Tesla buyers who waited for months to get their new Tesla vehicle are seeing two options. It was either to use the Tesla vehicle or else sell it at a profit to some other Tesla buyer with less patience. However, these options may not be there once there are price cuts for the vehicles. Tesla is already offering a discounted price for its vehicles in the US.
Prices of used Teslas are falling faster than those of other carmakers and the clean-energy status symbols are languishing in dealers for lots longer. The average price for a used Tesla in November was $55,754, down 17% from a July peak of $67,297. The overall used car market posted a 4% drop during that period, according to Edmunds data. The used Teslas were in dealer inventory for 50 days on average in November, compared with 38 days for all used cars.
Rising gasoline prices, an effect of the Ukraine war, boosted demand for Teslas, one of the few long-range electric vehicles in the market. Tesla itself raised prices faster than prices for other cars, building its profit margins. And buyers of some new Teslas took advantage of the booming market to sell their relatively new cars for a profit, then order new ones, driving demand for Tesla’s new cars.
Increasing prices
Now fuel prices are easing, interest rates are rising, Tesla output is increasing, and EV competition is growing, leading used Tesla prices to fall faster than the market, and creating a cascading effect on prices of new Teslas. Tesla last week doubled a U.S. new-car price cut to $7,500 for Model Ys and Model 3s delivered this year, adding to investor jitters about softening demand.
Nearly a third of used Teslas for sale in August was 2022 models up for resale, a sign that original buyers were aiming to flip, analysts said. That compares with about 5% of other brands on the used market, research firm Edmunds said. “You can’t sell your current Tesla for more money than you paid for it, which was true for a lot of the past two years,” said Karl Brauer, executive analyst at car sales website iSeeCars.com. “That would reduce demand for new Teslas.”

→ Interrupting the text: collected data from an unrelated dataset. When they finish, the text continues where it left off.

(* Let $d_n$ denote the number of derangements of $n$ elements (permutations of $\{1,\dots,n\}$ with no fixed points). Then the sequence $\{d_n\}_{n\ge 3}$ is asymptotically infinitely log-monotonic: for every integer $k\ge 0$ there exists $N\ge 3$ such that $\{d_n\}_{n\ge N}$ is log-monotonic of order $k$.
   Context: For a sequence $\{z_n\}$ of positive numbers, define the operator $R\{z_n\}=\{z_{n+1}/z_n\}$. A sequence of positive numbers $\{x_n\}$ is log-convex if $x_{n-1}x_{n+1}\ge x_n^2$ and log-concave if $x_{n-1}x_{n+1}\le x_n^2$, for all indices where these terms are defined. A sequence $\{z_n\}$ is log-monotonic of order $k$ if for every odd $r\le k-1$ the sequence $R^r\{z_n\}$ is log-concave and for every even $r\le k-1$ (including $r=0$) the sequence $R^r\{z_n\}$ is log-convex. *)

From mathcomp Require Import all_boot all_order all_algebra all_fingroup.
Set Implicit Arguments. Unset Strict Implicit. Unset Printing Implicit Defensive.
Import Order.TTheory GRing.Theory Num.Theory.
Local Open Scope ring_scope.

Definition derangement_number (n : nat) : nat :=
  #|[set s : 'S_n | [forall i, s i != i]]|.

Definition ratio_op (R : realFieldType) (z : nat -> R) : nat -> R :=
  fun n => z n.+1 / z n.

Definition log_convex (R : realFieldType) (x : nat -> R) : Prop :=
  forall n : nat, x n.+1 ^+ 2 <= x n * x n.+2.

Definition log_concave (R : realFieldType) (x : nat -> R) : Prop :=
  forall n : nat, x n * x n.+2 <= x n.+1 ^+ 2.

Definition log_monotonic_of_order (R : realFieldType) (k : nat) (z : nat -> R) : Prop :=
  forall r : nat, (r < k)%N ->
    (odd r -> log_concave (iter r (@ratio_op R) z)) /\
    (~~ odd r -> log_convex (iter r (@ratio_op R) z)).

(* Counting permutations of 'I_n without fixed points among the first k
   points by inclusion-exclusion gives d_{n+1} = (n+1) d_n + (-1)^{n+1}, hence
   log (d_{n+1} / d_n) = log (n+1) + e_n with |e_n| <= 1/d_n.  Since R^r d = exp (D^r log d)
   for the forward difference D, log-convexity (resp. log-concavity) of R^r d is the
   positivity (resp. negativity) of D^{r+1} log (d_{n+1} / d_n).  By the mean value theorem
   (-1)^m D^{m+1} log (n+1) >= c / (n+m+2)^{m+1}, whereas |D^{m+1} e_n| <= 2^{m+1} / d_n decays
   faster than any power of n because d grows factorially; so that sign is (-1)^m for n
   large.  The iterated ratios of an integer sequence are rational, so the result, proved
   over the classical reals, holds in every real field. *)

Set Warnings "-notation-overridden,-ambiguous-paths".
From Stdlib Require Import Reals Lra Lia.
From Coquelicot Require Import Coquelicot.
From mathcomp Require Import all_boot all_order all_algebra all_fingroup.
From mathcomp Require Import zify Rstruct.

Import GRing.Theory Num.Theory.

Definition fixfree_below {n} k (s : 'S_n) : bool :=
  [forall i : 'I_n, (i < k)%N ==> (s i != i)].

Definition prefix_derangements n k : nat := #|[set s : 'S_n | fixfree_below k s]|.

Lemma prefix_derangements0 n : prefix_derangements n 0 = n`!.
Proof. by rewrite -card_Sn; apply: eq_card => s; rewrite inE; apply/forallP. Qed.

Lemma derangement_numberE n : derangement_number n = prefix_derangements n n.
Proof.
apply: eq_card => s; rewrite !inE; apply/forallP/forallP => H i.
  by rewrite ltn_ord H.
by have := H i; rewrite ltn_ord.
Qed.

Lemma fixfree_belowS {n} k (s : 'S_n) (i : 'I_n) : i = k :> nat ->
  fixfree_below k.+1 s = fixfree_below k s && (s i != i).
Proof.
move=> ik; apply/forallP/andP => [H | [/forallP H si] j].
  split; last by have := H i; rewrite ik ltnS leqnn.
  by apply/forallP => j; apply/implyP => jk; apply: (implyP (H j)); apply: ltnW.
apply/implyP; rewrite ltnS leq_eqVlt => /orP[/eqP jk | jk]; last exact: (implyP (H j)).
by have -> : j = i by apply: val_inj; rewrite /= jk ik.
Qed.

Lemma fixfree_below_lift m k (i : 'I_m.+1) (t : 'S_m) : (k <= i)%N ->
  fixfree_below k (lift_perm i i t) = fixfree_below k t.
Proof.
move=> ki; apply/forallP/forallP => H j; apply/implyP => jk.
  have lj : lift i j = j :> nat by rewrite /= /bump leqNgt (leq_trans jk ki).
  have := implyP (H (lift i j)); rewrite lj lift_perm_lift (inj_eq (@lift_inj _ i)).
  exact.
case: (unliftP i j) => [j'|] ej; last by move: jk; rewrite ej ltnNge ki.
have j'k : (j' < k)%N by move: jk; rewrite ej /= /bump; case: leqP => /=; lia.
by rewrite ej lift_perm_lift (inj_eq (@lift_inj _ i)); apply: (implyP (H j')).
Qed.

On Thursday Musk said that the “radical interest rate changes” have increased the prices of all cars, new and used and that Tesla potentially could lower pricing to sustain volume growth, which would result in lower profit. EVs such as the Ford F-150 Lightning and the Hyundai Ioniq 5 are coming to market with a lot of buzzes, said Liz Najman, content marketing manager at EV researcher Recurrent.